Because the House of Representatives operates by majority rule (unlike the Senate), the loss of the 2018 elections means that House Republicans will need to become accustomed to an immediate evaporation of their institutional power once the new session of Congress begins on January 3. As the New York Times points out today, most Republican members have never experienced life in the minority, and will need to adjust to an abrupt reduction in their procedural importance. "We have come to grips with the shock of the election," explains Rep. Adam Kinzinger (R-IL), "but the shock of [not] governing will still be a wake-up call for some people."
One might expect that the House Freedom Caucus would be especially hard-hit by the shift in party control. Though it represented no more than about 20 percent of Republican House members, the Freedom Caucus was able to exert disproportionate leverage in the past by threatening to vote against initiatives backed by the Republican leadership. When combined with the votes of minority Democrats, opposition from the Freedom Caucus would ordinarily be enough to sink legislation on the House floor, and could even be used to force out a sitting speaker. Starting in January, however, the Freedom Caucus will be a minority of a minority, without the ability to strategically harness Democratic votes to bolster its legislative influence over the Republican conference. Its former leader Jim Jordan lost his race for minority leader to Kevin McCarthy by a lopsided vote of 159 to 43, and then failed to win enough party support to become the ranking minority member on the House Judiciary Committee.
Yet the Freedom Caucus will hardly be irrelevant in 2019, because it retains a powerful ally in the White House. Trump may have campaigned as a heterodox populist, but he has mostly governed as a hard-line conservative, and his intermittently rocky relationship with the Republican congressional leadership has made him sympathetic to party insurgents who share the same set of complaints about the slow pace of conservative legislative accomplishments. Members of the Freedom Caucus have further strengthened these bonds by serving as frequent defenders of his administration on cable television and by targeting Robert Mueller and Rod Rosenstein—an easy way to earn the affection of the president.
The current government shutdown over Trump's border wall demands has Freedom Caucus fingerprints all over it. Jordan and Freedom Caucus chair Mark Meadows have encouraged Trump's instincts toward political confrontation on the issue, in contrast to Republican leadership figures who have signaled their impatience with the shutdown. Like Trump, the Freedom Caucus cares a lot about maintaining the enthusiastic support of activists and media personalities on the right, and little about expanding its appeal beyond the bounds of the Republican Party's conservative base.

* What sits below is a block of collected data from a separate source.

(* Consider $m$ edges, a fraction $\omega$ of which lie inside detected communities and a fraction $1-\omega$ outside. Each edge has a statistic $z$; for edges inside communities $z$ has density $\pi_0^{in}f_0+\pi_1^{in}f_1$ and for edges outside communities $z$ has density $\pi_0^{out}f_0+\pi_1^{out}f_1$ (where $\pi_0^{in}+\pi_1^{in}=1$, $\pi_0^{out}+\pi_1^{out}=1$, the component labelled $0$ corresponding to truly unconnected edges, $\delta=0$, and $1$ to truly connected edges, $\delta=1$), so that overall $\pi_0=\omega\pi_0^{in}+(1-\omega)\pi_0^{out}$, $\pi_1=1-\pi_0$. For $c\in\{0,1\}$ let $F_c(z_0)=\int_{z_0}^\infty f_c(z)\,dz$. The universal thresholding rule declares an edge connected ($\widehat\delta^{Univ}=1$) iff $z>z_0$; the NICE rule declares an edge inside communities connected iff $z>z_{0,in}$ and an edge outside communities connected iff $z>z_{0,out}$, where $z_{0,in}<z_0<z_{0,out}$. Suppose Condition 6 holds: $$\frac{F_0(z_0)-F_0(z_{0,out})}{F_0(z_{0,in})-F_0(z_0)}>\frac{\omega\pi_0^{in}}{(1-\omega)\pi_0^{out}},\qquad \frac{F_1(z_0)-F_1(z_{0,out})}{F_1(z_{0,in})-F_1(z_0)}<\frac{\omega\pi_1^{in}}{(1-\omega)\pi_1^{out}}.$$ Then (1) the expected number of false positive edges satisfies $\mathrm{E}\big(\sum_{i<j}I(\widehat\delta^{NICE}_{ij}=1,\ \delta_{ij}=0)\big)\le \mathrm{E}\big(\sum_{i<j}I(\widehat\delta^{Univ}_{ij}=1,\ \delta_{ij}=0)\big)$; and (2) the expected number of false negative edges satisfies $\mathrm{E}\big(\sum_{i<j}I(\widehat\delta^{NICE}_{ij}=0,\ \delta_{ij}=1)\big)\le \mathrm{E}\big(\sum_{i<j}I(\widehat\delta^{Univ}_{ij}=0,\ \delta_{ij}=1)\big)$.
   Context: This concerns thresholding of a correlation matrix whose edges (pairs $i<j$ of variables) are split into edges inside detected community subgraphs and edges outside them. $\omega=\big(\sum_{c=1}^C|V_c|(|V_c|-1)/2\big)/\big(|V|(|V|-1)/2\big)$ is the proportion of edges lying inside the communities $G_c=(V_c,E_c)$, $c=1,\dots,C$, of a vertex partition of $V$. $f_0$ (null) and $f_1$ (non-null) are densities common to inside and outside edges; $\delta_{ij}$ indicates whether edge $(i,j)$ is truly connected. $z_0$ is the universal threshold cutoff, $z_{0,in}$ the cutoff for within-community edges and $z_{0,out}$ the cutoff for edges outside communities. *)

From HB Require Import structures.
From mathcomp Require Import all_boot all_order all_algebra.
From mathcomp Require Import all_classical all_reals all_analysis.
Set Implicit Arguments. Unset Strict Implicit. Unset Printing Implicit Defensive.
Import Order.TTheory GRing.Theory Num.Theory.
Local Open Scope classical_set_scope.
Local Open Scope ring_scope.

Definition edge_set (p : nat) : {set 'I_p * 'I_p} :=
  [set e : 'I_p * 'I_p | (e.1 < e.2)%N].

(* Communities are given by a labelling comm : 'I_p -> 'I_C of the vertices
   (a vertex partition); an edge lies inside the communities iff both
   endpoints are in the same community. *)
Definition inside (p C : nat) (comm : 'I_p -> 'I_C) (e : 'I_p * 'I_p) : bool :=
  comm e.1 == comm e.2.

(* omega = (sum_c |V_c|(|V_c|-1)/2) / (|V|(|V|-1)/2) : the proportion of edges
   lying inside communities. *)
Definition omega (R : realType) (p C : nat) (comm : 'I_p -> 'I_C) : R :=
  #|[set e in edge_set p | inside comm e]|%:R / #|edge_set p|%:R.

Definition Ftail (R : realType) (f : R -> R) (t : R) : R :=
  Rintegral lebesgue_measure `]t, +oo[ f.

Definition univ_rule (R : realType) (z0 : R) (z : R) : bool := z0 < z.

Definition nice_rule (R : realType) (p C : nat) (comm : 'I_p -> 'I_C)
  (zin zout : R) (e : 'I_p * 'I_p) (z : R) : bool :=
  if inside comm e then zin < z else zout < z.

Definition num_FP (R : realType) (T : Type) (p : nat)
  (rule : 'I_p * 'I_p -> R -> bool) (z : 'I_p * 'I_p -> T -> R)
  (delta : 'I_p * 'I_p -> T -> bool) : T -> R :=
  fun w => \sum_(e in edge_set p) (rule e (z e w) && ~~ delta e w)%:R.

Definition num_FN (R : realType) (T : Type) (p : nat)
  (rule : 'I_p * 'I_p -> R -> bool) (z : 'I_p * 'I_p -> T -> R)
  (delta : 'I_p * 'I_p -> T -> bool) : T -> R :=
  fun w => \sum_(e in edge_set p) (~~ rule e (z e w) && delta e w)%:R.

From HB Require Import structures.
From mathcomp Require Import all_boot all_order all_algebra.
From mathcomp Require Import all_classical all_reals all_analysis.
From mathcomp Require Import measurable_realfun.
From mathcomp.algebra_tactics Require Import ring lra.
Set Implicit Arguments. Unset Strict Implicit. Unset Printing Implicit Defensive.
Import Order.TTheory GRing.Theory Num.Theory.
Local Open Scope classical_set_scope.
Local Open Scope ring_scope.

(* Both expected error counts are sums over edges of per-edge error
   probabilities, and these depend only on whether the edge lies inside a
   community.  With n_in inside and n_out outside edges, a rule thresholding
   inside edges at t_in and outside edges at t_out has
     E(FP) = n_in pi0^in F0(t_in) + n_out pi0^out F0(t_out),
     E(FN) = n_in pi1^in (1 - F1(t_in)) + n_out pi1^out (1 - F1(t_out)).
   Passing from the universal rule (t_in = t_out = z0) to NICE lowers the
   inside threshold and raises the outside one.  Since
   omega / (1 - omega) = n_in / n_out, the two inequalities of Condition 6
   say exactly that the change outside outweighs the change inside, for
   false positives and for false negatives respectively. *)

Section bool_expectation.
Context (R : realType) (d : measure_display) (T : measurableType d)
  (P : probability T R).

Lemma bool_indicE (b : T -> bool) :
  (fun w => (b w)%:R : R) = \1_[set w | b w].
Proof.
apply/funext => w; rewrite indicE.
by case: (boolP (b w)) => bw; [rewrite mem_set | rewrite memNset //; exact/negP].
Qed.

Lemma measurable_bool (b : T -> bool) : measurable [set w | b w] ->
  measurable_fun setT (fun w => (b w)%:R : R).
Proof. by move=> mb; rewrite bool_indicE; exact: measurable_indic. Qed.

Lemma expectation_bool (b : T -> bool) : measurable [set w | b w] ->
  ('E_P[fun w => (b w)%:R] = P [set w | b w])%E.
Proof. by move=> mb; rewrite bool_indicE expectation_indic. Qed.

Lemma expectation_sum_ge0 (I : finType) (A : {set I}) (X : I -> T -> R) :
    (forall i w, 0 <= X i w) -> (forall i, measurable_fun setT (X i)) ->
  ('E_P[fun w => (\sum_(i in A) X i w)%R] = \sum_(i in A) 'E_P[X i])%E.
Proof.
move=> X_ge0 mX; rewrite unlock.
under eq_integral do rewrite -sumEFin big_mkcond.
rewrite ge0_integral_sum //=.
- rewrite [RHS]big_mkcond; apply: eq_bigr => i _; case: ifP => // _.
  by rewrite integral0.
- by move=> i; case: (i \in A); [exact/measurable_EFinP | exact: measurable_cst].
- by move=> i w _; case: ifP => // _; rewrite lee_fin.
Qed.

End bool_expectation.

Section density.
Context (R : realType) (f : R -> R).
Hypotheses (mf : measurable_fun setT f) (f_ge0 : forall x, 0 <= f x)
  (f_int1 : (\int[lebesgue_measure]_x (f x)%:E = 1)%E).

Lemma integral_densityE (A : set R) : measurable A ->
  (\int[lebesgue_measure]_(x in A) (f x)%:E)%E
  = (Rintegral lebesgue_measure A f)%:E.
Proof.
move=> mA; rewrite /Rintegral fineK // ge0_fin_numE; last first.
  by apply: integral_ge0 => x _; rewrite lee_fin.
rewrite (@le_lt_trans _ _ 1%E) ?ltey // -f_int1.
apply: ge0_subset_integral => //; first exact/measurable_EFinP.
by move=> x _; rewrite lee_fin.
Qed.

One potential eventual solution to what now looks like an extended shutdown is for Congress to override a presidential veto of a resolution reopening the government. But while most congressional Republicans would prefer not to take the heat for Trump's risky shutdown strategy, it's likely that the Freedom Caucus would stay loyal to Trump and gladly pile public attacks onto fellow Republicans who considered defection. Under such circumstances, it's hard to imagine that enough Republicans would join Democrats to achieve the necessary two-thirds majority in the House. The formal institutional power of the Freedom Caucus may be waning with the end of the Republican majority, but its role as an enforcer of purity within the GOP as a whole will remain fully intact as long as the Caucus stands with Trump, and Trump with it.